Joint and several liability is a manner of apportioning liability among multiple parties. It will only apply when there is more than one tortfeasor. Parties that are jointly liable are assessed a certain amount of damages. Joint and severally liable individuals are all liable to the plaintiff, but the entire award of damages may be recovered from any defendant. For further written and video explanation, discussion and practice questions, see What is "joint and several liability"?

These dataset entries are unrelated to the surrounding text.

(* Let $n\ge2$ be an integer. (i) For every integer $T$ with $1\le T\le\lfloor n/2\rfloor$, there exists a nonempty open subinterval $I=I(T)$ of $(1/n,n)$ such that for all $\lambda\in I$ $$\widehat\lambda_{n,T}(\lambda)>\frac1n \quad\text{and}\quad \lambda_{n,T+2}(\lambda)<\frac1n .$$ (ii) For every integer $T$ with $\lfloor n/2\rfloor<T\le n+1$, we have $\widehat\lambda_{n,T}(\lambda)=\lambda_{n,T+1}(\lambda)<1/n$ for all $\lambda\in(1/n,\infty]$.
   Context: For an integer $n\ge1$ let $f_n(x)=(1+x)^{n+1}/x$ for $x>0$. The function $f_n$ is strictly decreasing on $(0,1/n]$ and strictly increasing on $[1/n,\infty)$. Regular graph exponents (Schmidt–Summerer), defined algebraically. For $\lambda\in[1/n,\infty)$ let $\mu\in(0,1/n]$ be the unique solution of $f_n(\mu)=f_n(\lambda)$, and set $$\lambda_{n,j}(\lambda)=\lambda^{1-\frac{j-1}{n+1}}\mu^{\frac{j-1}{n+1}},\qquad 1\le j\le n+2 .$$ All ratios $\lambda_{n,j}/\lambda_{n,j+1}$ are equal. For $\lambda=\infty$ put $\lambda_{n,1}=\infty$, $\lambda_{n,2}=1$ and $\lambda_{n,j}=0$ for $j\ge3$. Put $\widehat\lambda_{n,j}(\lambda):=\lambda_{n,j+1}(\lambda)$ for $1\le j\le n+1$. These are the exponents $\lambda_{n,j},\widehat\lambda_{n,j}$ of the regular graph in dimension $n$ with parameter $\lambda_n=\lambda$. (In terms of Diophantine approximation: by $\overline\psi_{n,T}<0\iff\widehat\lambda_{n,T}>1/n$ and $\underline\psi_{n,T+2}>0\iff\lambda_{n,T+2}<1/n$, part (i) gives vectors inducing the regular graph whose $T$-th successive minimum function tends to $-\infty$ and whose $(T+2)$-nd tends to $+\infty$; this is Schmidt's property.) *)

From Stdlib Require Import Reals Lra Lia ClassicalEpsilon.
Open Scope R_scope.

Definition fn (n : nat) (x : R) : R := (1 + x) ^ (S n) / x.

(* mu(lambda): the (unique) solution mu in (0,1/n] of f_n(mu) = f_n(lambda),
   chosen by Hilbert's epsilon (the context asserts existence/uniqueness
   for lambda >= 1/n). *)
Definition mu_of (n : nat) (lam : R) : R :=
  epsilon (inhabits 0)
    (fun m => 0 < m /\ m <= 1 / INR n /\ fn n m = fn n lam).

(* Parameter lambda in [1/n, infinity]: Some l is the finite value l,
   None is lambda = infinity. *)
Definition lam_nj (n j : nat) (x : option R) : R :=
  match x with
  | Some l =>
      let e := (INR j - 1) / INR (S n) in
      Rpower l (1 - e) * Rpower (mu_of n l) e
  | None =>
      match j with
      | 0%nat => 0 (* unused index *)
      | 1%nat => 0 (* lambda_{n,1}(infinity) = infinity; never used below *)
      | 2%nat => 1
      | _ => 0
      end
  end.

Definition lamhat_nj (n j : nat) (x : option R) : R := lam_nj n (S j) x.

(* For lambda > 1/n put r = (1 + mu)/(1 + lambda) in (0,1).  The equation
   f_n(mu) = f_n(lambda) becomes mu = lambda r^(n+1) and lambda (r + ... + r^n) = 1,
   and then lambda_{n,k+1} = lambda r^k.  Hence lambda_{n,k+1} < 1/n exactly when
   n r^k < r + r^2 + ... + r^n.
   (ii) By AM-GM, r + ... + r^n > n r^((n+1)/2) >= n r^T when 2T >= n + 1.
   (i) As r -> 1 the mean of 1, r, ..., r^(n-1) is about 1 - (n-1)(1-r)/2, which
   lies below r^(T-1) when 2T <= n, whereas at r = 1/n it lies above.  The
   intermediate value theorem gives r0 with n r0^(T+1) < r0 + ... + r0^n < n r0^T;
   this condition is open, and r |-> lambda is continuous and decreasing. *)
From Stdlib Require Import Reals Lra Lia Psatz ClassicalEpsilon.
Open Scope R_scope.

Fixpoint geom (r : R) (k : nat) : R :=
  match k with O => 0 | S k => geom r k + r ^ k end.

Lemma geom_S r k : geom r (S k) = 1 + r * geom r k.
Proof.
  induction k as [|k IH]; [simpl; ring|].
  change (geom r (S (S k))) with (geom r (S k) + r ^ S k).
  rewrite IH at 1; simpl; ring.
Qed.

Lemma geom_SS r k : geom r (S (S k)) = 1 + r * geom r k + r ^ S k.
Proof. rewrite geom_S; simpl; ring. Qed.

Lemma geom_telescope r k : (1 - r) * geom r k = 1 - r ^ k.
Proof. induction k as [|k IH]; simpl; [ring|]. rewrite Rmult_plus_distr_l, IH; ring. Qed.

Lemma geom_nonneg r k : 0 <= r -> 0 <= geom r k.
Proof. intros Hr; induction k; simpl; [lra|]. pose proof (pow_le r k Hr); lra. Qed.

Lemma geom_ge_1 r k : 0 <= r -> (1 <= k)%nat -> 1 <= geom r k.
Proof.
  intros Hr Hk; destruct k as [|k]; [lia|].
  rewrite geom_S; pose proof (geom_nonneg r k Hr); nra.
Qed.

Lemma geom_le_compat r s k : 0 <= r <= s -> geom r k <= geom s k.
Proof. intros H; induction k; simpl; [lra|]. pose proof (pow_incr r s k H); lra. Qed.

Lemma pow_le_1 r k : 0 <= r <= 1 -> r ^ k <= 1.
Proof. intros H; induction k; simpl; [lra|]. pose proof (pow_le r k (proj1 H)); nra. Qed.

Lemma pow_le_antimono r a b : 0 <= r <= 1 -> (a <= b)%nat -> r ^ b <= r ^ a.
Proof.
  intros H Hab; replace b with (a + (b - a))%nat by lia; rewrite pow_add.
  pose proof (pow_le_1 r (b - a) H); pose proof (pow_le r a (proj1 H)); nra.
Qed.

Lemma geom_le_n r k : 0 <= r <= 1 -> geom r k <= INR k.
Proof.
  intros H; induction k; [simpl; lra|].
  rewrite S_INR; simpl; pose proof (pow_le_1 r k H); lra.
Qed.

Lemma geom_one k : geom 1 k = INR k.
Proof. induction k as [|k IH]; [reflexivity|]. rewrite S_INR; simpl; rewrite IH, pow1; ring. Qed.

Lemma geom_ge_n_pow r k : 0 <= r <= 1 -> INR k * r ^ k <= geom r k.
Proof.
  intros H; induction k as [|k IH]; [simpl; lra|].
  rewrite S_INR; simpl.
  pose proof (pow_le r k (proj1 H)); pose proof (pos_INR k).
  assert (0 <= INR k * r ^ k) by (apply Rmult_le_pos; lra).
  nra.
Qed.

Lemma geom_mul_lt n a b : (1 <= n)%nat -> 0 <= a < b -> a * geom a n < b * geom b n.
Proof.
  intros Hn Hab.
  pose proof (geom_le_compat a b n ltac:(lra)); pose proof (geom_ge_1 a n ltac:(lra) Hn).
  nra.
Qed.

Lemma geom_continuous k : continuity (fun r => geom r k).
Proof.
  induction k as [|k IH]; simpl.
  - apply continuity_const; intros x y; reflexivity.
  - apply (continuity_plus (fun r => geom r k) (fun r => r ^ k)); [exact IH|].
    apply derivable_continuous, derivable_pow.
Qed.

Lemma nat_pair_ind (P : nat -> Prop) :
  P 0%nat -> P 1%nat -> (forall m, P m -> P (S (S m))) -> forall m, P m.
Proof.
  intros H0 H1 HS; apply Nat.pair_induction; auto.
  intros x y ->; reflexivity.
Qed.

Lemma geom_sq_odd_step q m :
  q * geom (q ^ 2) (S (S m)) = q + q ^ 2 * (q * geom (q ^ 2) m) + q * (q ^ S m) ^ 2.
Proof.
  rewrite geom_SS, <- !pow_mult; replace (S m * 2)%nat with (2 * S m)%nat by lia; ring.
Qed.

(* AM-GM for q, q^3, ..., q^(2m-1), whose sum is [q * geom (q ^ 2) m]. *)
Lemma geom_sq_odd_ge q m : 0 <= q -> INR m * q ^ m <= q * geom (q ^ 2) m.
Proof.
  intros Hq; induction m as [| |m IH] using nat_pair_ind; [simpl; lra|simpl; lra|].
  rewrite geom_sq_odd_step, !S_INR.
  assert (q ^ 2 * (INR m * q ^ m) <= q ^ 2 * (q * geom (q ^ 2) m))
    by (apply Rmult_le_compat_l; [apply pow2_ge_0|exact IH]).
  assert (0 <= q * (1 - q ^ S m) ^ 2) by (apply Rmult_le_pos; [exact Hq|apply pow2_ge_0]).
  replace (q ^ S (S m)) with (q * q ^ S m) by reflexivity.
  replace (q ^ 2 * (INR m * q ^ m)) with (INR m * (q * q ^ S m)) in * by (simpl; ring).
  nra.
Qed.

Lemma geom_sq_odd_gt q m :
  0 < q < 1 -> INR (S (S m)) * q ^ S (S m) < q * geom (q ^ 2) (S (S m)).
Proof.
  intros Hq; rewrite geom_sq_odd_step, !S_INR.
  pose proof (geom_sq_odd_ge q m ltac:(lra)) as IH.
  assert (q ^ 2 * (INR m * q ^ m) <= q ^ 2 * (q * geom (q ^ 2) m))
    by (apply Rmult_le_compat_l; [apply pow2_ge_0|exact IH]).
  assert (q ^ S m < 1) by (apply pow_lt_1_compat; [lra|lia]).
  assert (0 < q * (1 - q ^ S m) ^ 2)
    by (apply Rmult_lt_0_compat; [lra|apply pow_lt; lra]).
  replace (q ^ S (S m)) with (q * q ^ S m) by reflexivity.
  replace (q ^ 2 * (INR m * q ^ m)) with (INR m * (q * q ^ S m)) in * by (simpl; ring).
  nra.
Qed.

Lemma geom_mul_gt_n_pow n T r :
  (2 <= n)%nat -> (n + 1 <= 2 * T)%nat -> 0 < r < 1 -> INR n * r ^ T < r * geom r n.
Proof.
  intros Hn HT Hr.
  set (q := sqrt r).
  assert (Hq0 : 0 < q) by (apply sqrt_lt_R0; lra).
  assert (Hqr : q ^ 2 = r) by (unfold q; simpl; rewrite Rmult_1_r; apply sqrt_sqrt; lra).
  assert (Hq1 : q < 1) by nra.
  destruct n as [|[|k]]; [lia|lia|].
  pose proof (geom_sq_odd_gt q k (conj Hq0 Hq1)) as Hgt; rewrite Hqr in Hgt.
  assert (r ^ T <= q * q ^ S (S k)).
  { rewrite <- Hqr, <- pow_mult; change (q * q ^ S (S k)) with (q ^ S (S (S k))).
    apply pow_le_antimono; [lra|lia]. }
  pose proof (pos_INR (S (S k))).
  assert (INR (S (S k)) * r ^ T <= q * (INR (S (S k)) * q ^ S (S k))).
  { replace (q * (INR (S (S k)) * q ^ S (S k))) with (INR (S (S k)) * (q * q ^ S (S k))) by ring.
    apply Rmult_le_compat_l; lra. }
  assert (q * (INR (S (S k)) * q ^ S (S k)) < q * (q * geom r (S (S k))))
    by (apply Rmult_lt_compat_l; lra).
  replace (r * geom r (S (S k))) with (q * (q * geom r (S (S k)))) by (rewrite <- Hqr; ring).
  lra.
Qed.

Lemma geom_chord r m : 0 <= r <= 1 -> 2 * geom r (S m) <= INR (S m) * (1 + r ^ m).
Proof.
  intros Hr; induction m as [| |m IH] using nat_pair_ind; [simpl; lra|simpl; lra|].
  rewrite geom_SS; rewrite !S_INR in *.
  pose proof (pow_le r m (proj1 Hr)); pose proof (pow_le_1 r (S m) Hr).
  assert (r * (2 * geom r (S m)) <= r * ((INR m + 1) * (1 + r ^ m)))
    by (apply Rmult_le_compat_l; lra).
  assert (0 <= (INR m + 1) * ((1 - r) * (1 - r ^ S m))).
  { pose proof (pos_INR m); apply Rmult_le_pos; [lra|apply Rmult_le_pos; lra]. }
  replace (r ^ S (S m)) with (r * r ^ S m) by reflexivity.
  replace (r ^ S m) with (r * r ^ m) in * by reflexivity.
  nra.
Qed.

Lemma geom_lt_n_pow_near_1 c n : (1 <= c)%nat -> (2 * c + 2 <= n)%nat ->
  exists r, 1 / 2 <= r < 1 /\ geom r n < INR n * r ^ c.
Proof.
  intros Hc Hn.
  (* With e = 1/(4c^2) and r = 1 - e: (1 - r^c)^2 <= (c e)^2 = e/4 < r^(2c) e, i.e.
     1 + r^(2c+1) < 2 r^c; the chord bound 2 G(r,n) <= n (1 + r^(n-1)) concludes. *)
  set (C := INR c); assert (HC : 1 <= C) by (apply (le_INR 1); lia).
  set (e := / (4 * C ^ 2)).
  assert (He : 0 < e) by (apply Rinv_0_lt_compat; nra).
  assert (HCe : C ^ 2 * e = 1 / 4) by (unfold e; field; lra).
  assert (HCe' : C * e <= 1 / 4) by nra.
  set (r := 1 - e); exists r.
  assert (Hr : 1 / 2 <= r < 1) by (unfold r; nra).
  split; [exact Hr|].
  set (u := r ^ c).
  assert (Hu : 1 - C * e <= u <= 1).
  { split; [|apply pow_le_1; lra].
    pose proof (geom_telescope r c) as Ht; pose proof (geom_le_n r c ltac:(lra)) as Hle.
    replace (1 - r) with e in Ht by (unfold r; ring); fold u in Ht; fold C in Hle.
    nra. }
  assert (Hkey : 1 + u ^ 2 * r < 2 * u).
  { assert ((1 - u) ^ 2 <= (C * e) ^ 2) by (apply pow_incr; lra).
    assert ((1 - C * e) ^ 2 <= u ^ 2) by (apply pow_incr; lra).
    unfold r; nra. }
  destruct n as [|m]; [lia|].
  pose proof (geom_chord r m ltac:(lra)) as Hch.
  assert (r ^ m <= u ^ 2 * r).
  { unfold u; rewrite <- pow_mult; replace (r ^ (c * 2) * r) with (r ^ S (c * 2)) by (simpl; ring).
    apply pow_le_antimono; [lra|lia]. }
  assert (0 < INR (S m)) by (apply lt_0_INR; lia).
  nra.
Qed.

Lemma geom_param_iff n l z : z <> 1 ->
  l * (z * geom z n) = 1 <-> 1 + l * z ^ S n = z * (1 + l).
Proof.
  intros Hz.
  assert (E : (1 - z) * (l * (z * geom z n)) = l * z - l * z ^ S n)
    by (replace ((1 - z) * (l * (z * geom z n))) with (l * z * ((1 - z) * geom z n)) by ring;
        rewrite geom_telescope; simpl; ring).
  split; intros H.
  - rewrite H in E; lra.
  - apply (Rmult_eq_reg_l (1 - z)); [|lra]. rewrite E; lra.
Qed.

Lemma fn_eq_pow n l m : 0 < l -> 0 < m -> fn n m = fn n l ->
  m = l * ((1 + m) / (1 + l)) ^ S n.
Proof.
  unfold fn; intros Hl Hm H.
  assert (0 < (1 + l) ^ S n) by (apply pow_lt; lra).
  unfold Rdiv; rewrite Rpow_mult_distr, pow_inv.
  apply (Rmult_eq_reg_r (/ m)); [|apply Rinv_neq_0_compat; lra].
  replace (l * ((1 + m) ^ S n * / (1 + l) ^ S n) * / m) with (l * / (1 + l) ^ S n * ((1 + m) ^ S n / m))
    by (field; lra).
  rewrite H; field; lra.
Qed.

Lemma geom_mul_continuous n : continuity (fun r => r * geom r n).
Proof.
  apply (continuity_mult (fun r => r) (fun r => geom r n));
    [apply derivable_continuous, derivable_id|apply geom_continuous].
Qed.

Lemma geom_mul_eq_inv n l : (1 <= n)%nat -> 1 / INR n < l ->
  exists z, 0 < z < 1 /\ l * (z * geom z n) = 1.
Proof.
  intros Hn Hl.
  assert (HN : 1 <= INR n) by (apply (le_INR 1); lia).
  assert (Hl0 : 0 < l) by (assert (0 < 1 / INR n) by (apply Rdiv_lt_0_compat; lra); lra).
  assert (Hil : / l < INR n).
  { apply (Rmult_lt_reg_l l); [lra|]. rewrite Rinv_r by lra.
    apply (Rmult_lt_compat_r (INR n)) in Hl; [|lra].
    replace (1 / INR n * INR n) with 1 in Hl by (field; lra). lra. }
  assert (Hil0 : 0 < / l) by (apply Rinv_0_lt_compat; lra).
  destruct (IVT (fun r => r * geom r n - / l) 0 1) as [z [Hz Hfz]].
  - apply continuity_minus; [apply geom_mul_continuous|].
    apply continuity_const; intros x y; reflexivity.
  - lra.
  - simpl; lra.
  - rewrite geom_one; lra.
  - assert (z <> 0) by (intros ->; simpl in Hfz; lra).
    assert (z <> 1) by (intros ->; rewrite geom_one in Hfz; lra).
    exists z; split; [lra|].
    replace (z * geom z n) with (/ l) by lra; field; lra.
Qed.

What is “appeal” of a civil trial decision?
The losing party in a case must file a request or notice of appeal with the trial court. This request allows the party to undertake the appeals procedure with the immediate appellate court. The request for appeal will generally include the grounds for appeal (allegations as to how the law was incorrectly applied or that the law is unconstitutional) and the record of trial. The appellate court will review and either grant or deny the request. If the court grants the appeal, the parties are allowed to file a brief in support of their position regarding the issues presented on appeal. The appellate hearing generally consists of 3-5 judges sitting together (“en banc”) to hear the parties’ arguments. In rare cases, all of the appellate judges will sit to hear a case. At the appellate hearing, counsel for each party is allowed to present an oral argument in support of her client’s position. The appellate court will take the briefs and arguments under consideration and deliberate on the case. The judges will then render an opinion as to the application of the law in the case and, sometimes, the constitutionality of the law. The appellate court’s written opinion about these matters becomes a part of the common law and serves as “precedent” for the future application of that law by subordinate courts. If the court finds that the trial court erred in the application of law, the trial court’s decision (or part of the decision) will be reversed and remanded for further action. The parties apposing the appellate court’s decision may request immediate appeal to the higher appellate court (generally the State or US Supreme Court). If the appeal is granted, the appellate procedure repeats itself. If the case is remanded to the trial court and the parties do not immediately appeal the appellate court’s decision, they may then re-litigate the issues that are remanded. At that point, the process repeats itself. For further written and video explanation, discussion and practice questions, see What is the process for "appeal"?

How to enforce a judgment
Collecting on a judgment can be a difficult process. There are three primary methods by which a party may enforce a court’s judgment, including "Encumbrance", "Execution", and "Garnishment". These methods vary in degree of effectiveness. Encumbering property does not immediately ensure payment. Executing on property and selling it is only available if the defendant owns property. Garnishment of wages provides greater certainty of payment but only if the debtor is employed. For further written and video explanation, discussion and practice questions, see How do parties "enforce" a civil judgment?

Res Judicata
Res Judicata is a legal expression meaning that the legal dispute between the parties is decided. This principle prevents successive lawsuits involving the same facts or occurrence. A plaintiff may not sue the defendant for the same conduct under the same or a separate cause of action. The separate cause of action should have been raised during the initial trial. It brings the dispute to a conclusion. For further written and video explanation, discussion and practice questions, see What is "res judicata"?